My oldest is 16 and doesn't even like the idea of tampons, prefers pads. But if she wanted to use a diva cup (she knows I use one) that would be fine. But not at school.

Kids in jr high and high school have so little time between classes it's often impossible to go to their locker between classes, let alone to try to deal with a cup in the girls bathroom. It could potentially be very embarrassing if it spills or if someone sees it while she was rinsing it....that kind of thing. And it's important to have very clean hands when inserting it, etc. So I'd advise caution in where/when she might choose to use it, especially for the first few months when she's just getting used to it.


----------



## Ruthla (Jun 2, 2004)

I would ask her, and get her one if she wanted one (but I'd also make sure to have pads available for backup just in case she had trouble with it or decided she didn't like it.)

When I was a young teen, I used tampons with pantyliners. I still beleive tampons are way easier to insert than a menstrual cup!

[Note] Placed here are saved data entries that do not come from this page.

(* Write A = E \ {e} and, for a set C and Y >= 0, let cume Y C k be the sum of
   Y^S over S subset of C with |S| < k, so that R_e = cume_w / cume_(w+1) on
   A.  Everything rests on two facts about these truncated symmetric sums:
   - adding a point x to C gives cume (x|:C) (k+1) = cume C (k+1) + Y_x cume C k,
     so as a function of one coordinate Y_f every cume is affine;
   - k |-> cume Y C k (and likewise k |-> e_(k-1)) is log-concave in the strong
     sense g_a g_(b+2) <= g_(a+1) g_(b+1) for a <= b, a property preserved by
     the convolution g |-> g + Y_x (shifted g) (Newton-type inequality).
   (i)  Splitting off Y_f, R_e becomes y |-> (p + y q)/(r + y s), which is
        non-increasing exactly when q r <= p s: this is log-concavity.
   (ii) The identity sum_e Y_e cume (E\e) k = k cume E (k+1) - sum_(m<=k) cume E m
        gives D = w - sum_(m<=w) cume E m / cume E (w+1); each ratio is
        non-increasing in Y_f by the argument of (i), and the m = 1 term
        1 / cume E (w+1) is strictly decreasing.
   (iii) z R_e(zX) = sum_j z^j e_(j-1) / sum_j z^j e_j is a ratio of power series
        whose coefficient ratios are monotone (log-concavity again), hence it is
        strictly increasing by a Chebyshev-type double-sum argument. *)

Section Fractions.
Variable R : realFieldType.

Lemma frac_le (p q r s : R) : 0 < q -> 0 < s -> p * s <= r * q -> p / q <= r / s.
Proof. by move=> q0 s0 h; rewrite ler_pdivrMr // mulrAC ler_pdivlMr. Qed.

Lemma frac_lt (p q r s : R) : 0 < q -> 0 < s -> p * s < r * q -> p / q < r / s.
Proof. by move=> q0 s0 h; rewrite ltr_pdivrMr // mulrAC ltr_pdivlMr. Qed.

Lemma affine_ratio_antitone (p q r s y y' : R) :
  0 < r -> 0 <= s -> q * r <= p * s -> 0 <= y -> y <= y' ->
  (p + y' * q) / (r + y' * s) <= (p + y * q) / (r + y * s).
Proof.
move=> r0 s0 qr y0 yy'.
have den z : 0 <= z -> 0 < r + z * s by move=> z0; rewrite ltr_wpDr ?mulr_ge0.
apply: frac_le; rewrite ?den ?(le_trans y0) //.
rewrite -subr_ge0 (_ : _ - _ = (y' - y) * (p * s - q * r)); last by ring.
by apply: mulr_ge0; rewrite subr_ge0.
Qed.

Lemma frac_unit (x : R) : 0 <= x -> 0 <= x / (1 + x) < 1.
Proof.
move=> x0; have x1 : 0 < 1 + x by rewrite ltr_wpDr.
by rewrite divr_ge0 ?(ltW x1) //= ltr_pdivrMr // mul1r ltrDr.
Qed.

End Fractions.

Section LogConcave.
Variable R : realFieldType.
Implicit Types g : nat -> R.

(* Log-concavity in the strong form: the ratios g_a / g_(a+1) are
   non-decreasing (this form is stable under leading zeros such as g_0 = 0). *)
Definition logconcave g : Prop :=
  forall a b, (a <= b)%N -> g a * g b.+2 <= g a.+1 * g b.+1.

Lemma logconcave_cross g j k : logconcave g -> (j <= k)%N ->
  g j * g k.+1 <= g j.+1 * g k.
Proof.
move=> lcg; rewrite leq_eqVlt => /orP[/eqP <-|]; first by rewrite mulrC.
by case: k => // k; rewrite ltnS => /lcg.
Qed.

Lemma logconcave_gap2 g a b : logconcave g -> (a <= b)%N ->
  g a * g b.+3 <= g a.+2 * g b.+1.
Proof.
move=> lcg; rewrite leq_eqVlt => /orP[/eqP <-|ab].
  by rewrite [g a.+2 * _]mulrC; apply: lcg.
exact: le_trans (lcg _ _ (leqW (ltnW ab))) (lcg _ _ ab).
Qed.

(* Log-concavity is preserved by g' = g + x (shifted g), x >= 0: this is how
   the symmetric sums change when one point is added to the ground set. *)
Lemma logconcave_step g g' (x : R) : 0 <= x -> (forall k, 0 <= g k) ->
  g 0%N = 0 -> g' 0%N = 0 -> (forall k, g' k.+1 = g k.+1 + x * g k) ->
  logconcave g -> logconcave g'.
Proof.
move=> x0 g_ge0 g0 g'0 g'S lcg.
have g'_ge0 k : 0 <= g' k.
  by case: k => [|k]; rewrite ?g'0 // g'S addr_ge0 ?mulr_ge0.
case=> [|a] b ab; first by rewrite g'0 mul0r mulr_ge0.
case: b ab => // b ab; rewrite !g'S.
have h1 := lcg a.+1 b.+1 ab.
have h2 : 0 <= x * (g a.+2 * g b.+1 - g a * g b.+3).
  by rewrite mulr_ge0 // subr_ge0 logconcave_gap2.
have h3 : 0 <= (x * x) * (g a.+1 * g b.+1 - g a * g b.+2).
  by rewrite mulr_ge0 ?mulr_ge0 // subr_ge0 lcg.
lra.
Qed.

Definition gpoly g (z : R) (N : nat) : R := \sum_(j < N) z ^+ j * g j.

Lemma expr_cross (z1 z2 : R) j k : 0 <= z1 -> z1 <= z2 -> (j <= k)%N ->
  z2 ^+ j * z1 ^+ k <= z1 ^+ j * z2 ^+ k.
Proof.
move=> z1_ge0 z12 jk; rewrite -(subnKC jk) !exprD !mulrA [z2 ^+ j * _]mulrC.
have z2_ge0 := le_trans z1_ge0 z12.
by rewrite ler_wpM2l ?mulr_ge0 ?exprn_ge0 // lerXn2r // nnegrE.
Qed.

(* Monotone likelihood ratio: for log-concave g with g_0 = 0 < g_1, the
   quotient gpoly g z / gpoly (shifted g) z is strictly increasing in z >= 0.
   The double sum of the nonnegative terms u j k equals twice the difference
   of cross products, and the term u 0 1 is positive. *)
Lemma gpoly_ratio_increasing g N (z1 z2 : R) :
  g 0%N = 0 -> 0 < g 1%N -> logconcave g -> 0 <= z1 -> z1 < z2 ->
  gpoly g z1 N.+2 * gpoly (fun j => g j.+1) z2 N.+2 <
  gpoly g z2 N.+2 * gpoly (fun j => g j.+1) z1 N.+2.
Proof.
move=> g0 g1 lcg z1_ge0 z12.
pose t j k := g j * g k.+1 * (z2 ^+ j * z1 ^+ k - z1 ^+ j * z2 ^+ k).
pose u j k := t j k + t k j.
have u_ge0_le j k : (j <= k)%N -> 0 <= u j k.
  move=> jk; have -> : u j k = (g j * g k.+1 - g j.+1 * g k) *
    (z2 ^+ j * z1 ^+ k - z1 ^+ j * z2 ^+ k) by rewrite /u /t; ring.
  apply: mulr_le0; rewrite subr_le0; first exact: logconcave_cross.
  exact: expr_cross z1_ge0 (ltW z12) jk.
have u_ge0 j k : 0 <= u j k.
  by case: (leqP j k) => [/u_ge0_le //|/ltnW/u_ge0_le]; rewrite /u addrC.
have u01 : 0 < u 0%N 1%N.
  rewrite /u /t g0 !expr0 !expr1 !mul0r add0r.
  have -> : g 1%N * g 1%N * (z2 * 1 - z1 * 1) = g 1%N * g 1%N * (z2 - z1) by ring.
  by rewrite !mulr_gt0 // subr_gt0.
have : 0 < \sum_(j < N.+2) \sum_(k < N.+2) u j k.
  rewrite big_ord_recl (bigD1 (Ordinal (isT : (1 < N.+2)%N))) //= -addrA.
  by rewrite ltr_pwDl // addr_ge0 ?sumr_ge0 // => j _; rewrite sumr_ge0.
have -> : \sum_(j < N.+2) \sum_(k < N.+2) u j k =
    \sum_(j < N.+2) \sum_(k < N.+2) t j k + \sum_(j < N.+2) \sum_(k < N.+2) t j k.
  rewrite [X in _ = _ + X]exchange_big -big_split /=.
  by apply: eq_bigr => j _; rewrite -big_split.
have -> : \sum_(j < N.+2) \sum_(k < N.+2) t j k =
    gpoly g z2 N.+2 * gpoly (fun j => g j.+1) z1 N.+2 -
    gpoly g z1 N.+2 * gpoly (fun j => g j.+1) z2 N.+2.
  rewrite /gpoly !big_distrlr /= -sumrB; apply: eq_bigr => j _.
  by rewrite -sumrB; apply: eq_bigr => k _; rewrite /t; ring.
lra.
Qed.

End LogConcave.

Section SymmetricSums.
Variables (R : realFieldType) (E : finType).
Implicit Types (Y : E -> R) (A S T : {set E}) (p : pred nat).

Definition symsum Y A p : R :=
  \sum_(S : {set E} | (S \subset A) && p #|S|) monom Y S.

Definition cume Y A k : R := symsum Y A (fun n => (n < k)%N).

(* Shifted elementary symmetric sums: esh Y A k = e_(k-1), esh Y A 0 = 0. *)
Definition esh Y A k : R := symsum Y A (fun n => n.+1 == k).

Lemma subset_setU1_notin A S x : x \notin A ->
  (S \subset x |: A) && (x \notin S) = (S \subset A).
Proof.
move=> xA; apply/andP/idP => [[/subsetP sS xS] | sA].
  apply/subsetP => y yS; move: (sS y yS); rewrite !inE => /orP[/eqP eyx|//].
  by move: xS; rewrite -eyx yS.
split; first exact: subset_trans sA (subsetU1 x A).
by apply: contra xA => /(subsetP sA).
Qed.

Lemma symsum_setU1 Y A p x : x \notin A ->
  symsum Y (x |: A) p = symsum Y A p + Y x * symsum Y A (fun n => p n.+1).
Proof.
move=> xA; rewrite /symsum (bigID (fun S : {set E} => x \in S)) /= addrC.
congr (_ + _).
  by apply: eq_bigl => S; rewrite andbAC subset_setU1_notin.
rewrite big_distrr (reindex_onto (fun T => x |: T) (fun S => S :\ x)) /=; last first.
  by move=> S /andP[_ xS]; rewrite setD1K.
apply: eq_big => T.
  have [xT | xT] := boolP (x \in T).
    have xTD : ((x |: T) :\ x == T) = false.
      by apply/negbTE/eqP => /setP/(_ x); rewrite !inE eqxx xT.
    have nTA : (T \subset A) = false.
      by apply/negbTE; apply: contra xA => /subsetP; apply.
    by rewrite xTD nTA !andbF.
  rewrite setU1K // eqxx setU11 !andbT cardsU1 xT add1n.
  by rewrite subUset sub1set setU11 -(subset_setU1_notin T xA) xT andbT.
by case/andP=> _ /eqP <-; rewrite /monom big_setU1 //= !inE eqxx.
Qed.

Lemma symsum_set0 Y p : symsum Y set0 p = (p 0%N)%:R.
Proof.
rewrite /symsum (eq_bigl (fun S : {set E} => (S == set0) && p 0%N)); last first.
  by move=> S; rewrite subset0; case: eqP => // ->; rewrite cards0.
case: (p 0%N); last by rewrite big_pred0 // => S; rewrite andbF.
by rewrite (big_pred1 set0) /monom ?big_set0 // => S; rewrite andbT.
Qed.

Lemma finset_ind (P : {set E} -> Prop) :
  P set0 -> (forall x A, x \notin A -> P A -> P (x |: A)) -> forall A, P A.
Proof.
move=> P0 PU1 A; elim: {A}#|A| {-2}A (erefl #|A|) => [|n IH] A cardA.
  by rewrite (cards0_eq cardA).
have [x xA] : {x | x \in A} by apply/sigW/set0Pn; rewrite -card_gt0 cardA.
rewrite -(setD1K xA); apply: PU1; first by rewrite setD11.
by apply: IH; move: cardA; rewrite (cardsD1 x) xA add1n => -[].
Qed.

Lemma cume_setU1 Y A x k : x \notin A ->
  cume Y (x |: A) k.+1 = cume Y A k.+1 + Y x * cume Y A k.
Proof. exact: symsum_setU1. Qed.

Lemma esh_setU1 Y A x k : x \notin A ->
  esh Y (x |: A) k.+1 = esh Y A k.+1 + Y x * esh Y A k.
Proof. exact: symsum_setU1. Qed.

Lemma symsum_pred0 Y A p : (forall n, ~~ p n) -> symsum Y A p = 0.
Proof.
by move=> p0; rewrite /symsum big_pred0 // => S; rewrite (negbTE (p0 _)) andbF.
Qed.

Lemma cume0 Y A : cume Y A 0 = 0.
Proof. exact: symsum_pred0. Qed.

Lemma esh0 Y A : esh Y A 0 = 0.
Proof. exact: symsum_pred0. Qed.

Lemma cume1 Y A : cume Y A 1 = 1.
Proof.
elim/finset_ind: A => [|x A xA IH]; first by rewrite /cume symsum_set0.
by rewrite cume_setU1 // IH cume0 mulr0 addr0.
Qed.

Lemma esh1 Y A : esh Y A 1 = 1.
Proof.
elim/finset_ind: A => [|x A xA IH]; first by rewrite /esh symsum_set0.
by rewrite esh_setU1 // IH esh0 mulr0 addr0.
Qed.

Section Nonneg.
Variable Y : E -> R.
Hypothesis Y_ge0 : forall g, 0 <= Y g.

Lemma symsum_ge0 A p : 0 <= symsum Y A p.
Proof. by apply: sumr_ge0 => S _; apply: prodr_ge0. Qed.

I still need to talk to my oldest about menstrual options- I know I'd be most comfortable with her using cloth pads (I'd much rather wash them than deal with icky sposies in the bathroom trash can) but it's going to be 100% about what SHE'S most comfortable using. If she wants sposie pads or tampons, I'm buying the all natural, dioxin free kind.


----------



## applejuice (Oct 8, 2002)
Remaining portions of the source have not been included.